Automation And Expertise – Key To Efficient Operation
A number of features enable the facility to be run efficiently and with a limited staff. Automation of process equipment, data acquisition and documentation retrieval all contribute to this. A single automation architecture for all process equipment and utilities simplifies running the various systems. As Thomasin further explains, balancing automation and flexibility can be a challenge, "In general, a high automation level was put into well standardized processes such as vial or syringe filling and into labor intense activities such as cleaning and sterilization, whereas non-routine operations were designed with less automation efforts. On the other hand, we wanted to keep the automation concept as flexible as possible for process adaptation and ‘last minute changes’ of manufacturing parameters. Equally important was to build a standard architecture with the same PLC’s and operator panels to allow personnel operating as many equipment as possible with the same process visualization features thereby minimizing training efforts and errors.

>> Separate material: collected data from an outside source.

Lemma lnf_Fun s us : lnf Rs (Fun s us) ->
  (match s with LC c => is_constructor Rs c | LD f L => is_defined Rs f /\ L = [] end) /\
  forall u, In u us -> lnf Rs u.
Proof. intros H. apply allsyms_Fun in H. exact H. Qed.

Lemma lsym_flags_lnf s us : lnf Rs (Fun s us) -> lsym_flags s = repeat hbot (mf Rs (lsym_head s)).
Proof.
  intros H. apply lnf_Fun in H as [H _]. destruct s as [c|f L]; simpl.
  - unfold is_constructor, mf in *. rewrite H. reflexivity.
  - destruct H as [_ ->]. apply rule_flags_none.
Qed.

Inductive lcterm : term (lsym F) -> Prop :=
| lcterm_var x : lcterm (Var x)
| lcterm_fun c ts : is_constructor Rs c -> length ts = ar c -> (forall u, In u ts -> lcterm u) ->
    lcterm (Fun (LC c) ts).

Inductive guarded : term (lsym F) -> Prop :=
| guarded_var x : guarded (Var x)
| guarded_fun s ts : length ts = ar (lsym_head s) -> (forall c, s = LC c -> is_constructor Rs c) ->
    (forall k u, nth_error ts k = Some u -> guarded u /\ (~ ups (lsym_head s) (S k) -> lcterm u)) ->
    guarded (Fun s ts).

Lemma lcterm_in c ts u : lcterm (Fun c ts) -> In u ts -> lcterm u.
Proof. intros H Hu. inversion H; subst; auto. Qed.

Lemma guarded_of_lcterm t : lcterm t -> guarded t.
Proof.
  induction t as [x|g ts IH] using term_ind_nested; intros H; inversion H; subst; constructor; auto.
  - intros c0 Hc; inversion Hc; subst; auto.
  - intros k u Hk. rewrite Forall_forall in IH. assert (In u ts) by (eapply nth_error_In; eauto).
    split; auto.
Qed.

Lemma guarded_in s ts u : guarded (Fun s ts) -> In u ts -> guarded u.
Proof.
  intros H Hu. apply In_nth_error in Hu as [k Hk]. inversion H; subst. apply (H4 k u Hk).
Qed.

Lemma guarded_middle g ls s rs : guarded (Fun g (ls ++ s :: rs)) ->
  guarded s /\ (~ ups (lsym_head g) (S (length ls)) -> lcterm s).
Proof. intros H. inversion H; subst. apply H4, nth_error_middle. Qed.

Lemma guarded_replace g ls s t rs : guarded (Fun g (ls ++ s :: rs)) -> guarded t ->
  ups (lsym_head g) (S (length ls)) -> guarded (Fun g (ls ++ t :: rs)).
Proof.
  intros H Ht Hu. inversion H as [|g0 ts0 Hl Hc Ha]; subst. constructor; auto.
  - rewrite length_app in *. simpl in *. auto.
  - intros k u Hk. rewrite nth_error_app in Hk.
    destruct (Nat.ltb_spec k (length ls)).
    + apply Ha. rewrite nth_error_app1; auto.
    + destruct (k - length ls) eqn:E.
      * simpl in Hk. inversion Hk; subst. split; auto. intros Hn.
        replace k with (length ls) in Hn by lia. contradiction.
      * apply Ha. rewrite nth_error_app2 by lia. rewrite E. auto.
Qed.

Lemma guarded_relabel f L L' ts : guarded (Fun (LD f L) ts) -> guarded (Fun (LD f L') ts).
Proof. intros H; inversion H; subst. constructor; auto. intros c Hc; discriminate. Qed.

Lemma lwf_of_guarded_subst sg (u : term (lsym F)) : guarded (subst sg u) -> lwf u.
Proof.
  induction u as [x|s us IH] using term_ind_nested; intros H; [unfold lwf; simpl; auto|].
  unfold lwf. apply allsyms_Fun. simpl in H. inversion H; subst. rewrite length_map in H2.
  split; auto. intros u Hu. rewrite Forall_forall in IH. apply IH; auto.
  eapply guarded_in; eauto. apply in_map; auto.
Qed.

To ensure equipment operators were as well trained as possible, the Centocor team embarked on a program to train them to become Subject Matter Experts (SME’s). This tactic was of key importance to the project as Thomasin explains, "Given the constraint in resources it was key to engage operators in as many aspects of the building fit-out and of process technology design and implementation. Thereby, they could gradually take over ownership and help tailor the facility to their needs. This concept ensured a high level of autonomy and minimized the dependency from support functions for troubleshooting. It ultimately added to developing everyone’s skill-set and to establish a pool with broad expertise within their own department."
A Facility To Be Proud Of
When asked what specific details or features he’s most proud of Thomasin gets right to the point. "Condensing a broad platform of parenteral manufacturing technologies into one single facility is certainly very attractive. Also, responding to the flexibility needs of a changing R&D environment while maintaining at any time the highest levels of aseptic quality, and being asked to combine RABS technology, VHP room decontamination and classical clean room features into one footprint is certainly an accomplishment to be proud of. We are particularly pleased by this smart approach."
Reasons For Winning
Finally, when asked his opinion as to why the FOYA judges chose his facility, Thomasin has this to offer, "We think we did very well in integrating a multi-product and multi-format R&D fill finish facility into a crowed campus while ensuring the shortest distances to the commercial facilities and to existing analytical buildings. The building shell was constructed in a way allowing future expansion on another 3 levels. Besides, we managed to map all relevant technologies for aseptic processing into the new facility to ensure perfect scalability, process comparability and tech transfer conditions to the commercial plants on the campus. The design was supported by computer simulations for airflow and particle distribution- thereby reducing the risk of inappropriate clean room conditions after building erection. Finally, we limited the complexity of automation whilst keeping labor intense operations at minimum. Operator safety was equally important and was an integral design prerequisite for all machinery and processes."